Are you tired of bland, boring weeknight dinners that leave you reaching for a snack an hour later? Let’s be honest, when you’re on keto, you want something that checks all the boxes: tasty, quick, filling, and won’t make you feel like you’re missing out on flavor. If you’re looking for a meal that’s low-carb, packed with protein, and filled with fresh, delicious flavors, this Keto Shrimp and Zucchini Skillet is it.
Here’s why you’ll love this recipe: it’s made in one pan (less mess = more joy), it’s keto-friendly without any weird ingredients, and it’s ready in under 30 minutes. Whether you’re a seasoned keto warrior or you’re just testing the low-carb waters, this dish is simple enough to whip up on a busy weeknight but fancy enough to make you feel like you’re treating yourself.
Why Shrimp and Zucchini?
Shrimp are naturally low in carbs, loaded with protein, and full of omega-3 fatty acids. Plus, they cook in no time, making them a dream for weeknight meals. And zucchini? It’s one of the most versatile low-carb veggies out there. It’s mild, soaks up flavor like a sponge, and can add bulk to your meal without tipping your carb count over the edge. Together, shrimp and zucchini are like the keto power couple you didn’t know you needed.
Let’s get into it.
The Ingredients You’ll Need:
You probably have most of these keto-friendly ingredients hanging around in your kitchen already. If not, a quick run to the store and you’re all set:
- 1 lb of shrimp (peeled and deveined): Fresh or frozen works. If you’re using frozen shrimp, just thaw them out before cooking.

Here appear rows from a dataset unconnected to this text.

Lemma finite_rank_comp (P T : X -> X) :
  finite_rank P -> bounded_op T -> finite_rank (P \o T).
Proof.
move=> [[P_lin P_cont] [k [v Pv]]] [T_lin T_cont]; split; last first.
  by exists k, v => u; exact: Pv.
split; first by move=> a u w /=; rewrite T_lin P_lin.
by move=> u; apply: continuous_comp; [apply: T_cont | apply: P_cont].
Qed.

(* Every operator T of the bimodule is approximated at finitely many points x_k by
   P T, where P is a finite rank operator of the nest algebra moving an adapted
   family spanning the T x_k by less than e / (1 + sum of the coefficients). *)
Theorem bimodule_sot_approx (N : set (set X)) (J : set (X -> X)) :
  nest N -> bimodule N J -> J `<=` sot_closure (J `&` (@finite_rank R X)).
Proof.
move=> nN [Jb _ _ Jmul] T JT; split; first exact: Jb.
move=> n x e e0.
have [m [y [ay coef]]] := adapted_basis nN (fun k => T (x k)).
have [C TxC] := choice coef.
pose S := \sum_k \sum_i `|C k i|.
have S0 : 0 <= S by apply: sumr_ge0 => k _; apply: sumr_ge0 => i _.
have S1 : 0 < 1 + S by rewrite ltr_pwDl.
have [P [PN Pfin Py]] := approx_adapted nN (divr_gt0 e0 S1) ay.
have [[P_lin _] _] := PN.
exists (P \o T); split.
  split; first by have [] := Jmul P T PN JT.
  exact: finite_rank_comp Pfin (Jb T JT).
move=> k /=; rewrite TxC linear_sum // -sumrB.
under eq_bigr do rewrite -scalerBr.
apply: (le_lt_trans (ler_norm_sum _ _ _)).
apply: (@le_lt_trans _ _ (\sum_i `|C k i| * (e / (1 + S)))).
  by apply: ler_sum => i _; rewrite normrZ ler_wpM2l // ltW.
rewrite -mulr_suml mulrA ltr_pdivrMr // mulrC ltr_pM2l //.
apply: (@le_lt_trans _ _ S); last by rewrite ltrDr ltr01.
by rewrite /S (bigD1 k) //= lerDl; apply: sumr_ge0 => ? _; apply: sumr_ge0.
Qed.

(* The strong operator topology is finer than the weak one: a WOT neighbourhood
   given by points x_i and functionals f_j contains a SOT neighbourhood, by
   continuity of the f_j. *)
Theorem sot_closure_sub_wot (S : set (X -> X)) : sot_closure S `<=` wot_closure S.
Proof.
move=> T [bT HT]; split => // n m x f e bf e0.
have radius (p : 'I_n * 'I_m) : exists D : R[i], 0 < D /\ forall w,
    `|T (x p.1) - w| < D -> `|f p.2 (T (x p.1)) - f p.2 w| < e.
  have [_ fc] := bf p.2.
  move: (fc (T (x p.1))) => /cvgrPdist_lt /(_ e e0) /nbhs_ballP [D D0 DB].
  by exists D; split => // w Dw; apply: DB; rewrite -ball_normE.
have [D HD] := choice radius.
have D_inv_ge0 p : 0 <= (D p)^-1 by rewrite invr_ge0 ltW //; case: (HD p).
pose Sm := \sum_p (D p)^-1.
have Sm0 : 0 <= Sm by apply: sumr_ge0 => p _.
have [U [SU HU]] : exists U, S U /\ forall i, `|T (x i) - U (x i)| < (1 + Sm)^-1.
  by apply: HT; rewrite invr_gt0 ltr_pwDl.
exists U; split => // i j.
have [_ HDp] := HD (i, j); apply: HDp; apply: (lt_le_trans (HU i)).
rewrite -(invrK (D (i, j))) lef_pV2 ?posrE ?invr_gt0 ?ltr_pwDl //.
rewrite /Sm (bigD1 (i, j)) //= addrCA lerDl addr_ge0 ?sumr_ge0 //.
by case: (HD (i, j)).
Qed.

End Closures.

Theorem mainTheorem9 (R : realType) (X : completeNormedModType R[i])
  (N : set (set X)) (J : set (X -> X)) :
  nest N -> bimodule N J ->
  let J0 := J `&` (@finite_rank R X) in
  J `<=` sot_closure J0 /\ sot_closure J0 `<=` wot_closure J0.
Proof.
move=> nN bJ J0; split; first exact: bimodule_sot_approx nN bJ.
exact: sot_closure_sub_wot.
Qed.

- 2 medium zucchini: Slice them into half moons. The thinner, the better – they’ll cook faster and absorb more flavor.
- 2 tablespoons of olive oil: You can swap this with avocado oil or coconut oil if you prefer.
- 4 cloves of garlic: Fresh garlic is a must here. Minced, to get that punch of flavor.
- 1 teaspoon paprika: Adds a little kick without being overpowering.
- 1 teaspoon Italian seasoning: You can use oregano, thyme, or a mix of dried herbs if that’s what you have.
- 1/4 teaspoon red pepper flakes: Optional but adds a great spicy kick.
- Juice of 1 lemon: Fresh lemon juice balances out the richness of the shrimp and oil.
- Salt and pepper: To taste, obviously.
- 1/4 cup grated Parmesan: Optional but who says no to cheese? It adds a perfect salty bite and helps make the dish more satisfying.
Optional Add-Ins:
While the basic recipe is absolutely delicious on its own, you can customize it with these optional ingredients to make it even more filling or flavorful:
- Cherry tomatoes: A few halved tomatoes thrown into the mix add a little color and sweetness.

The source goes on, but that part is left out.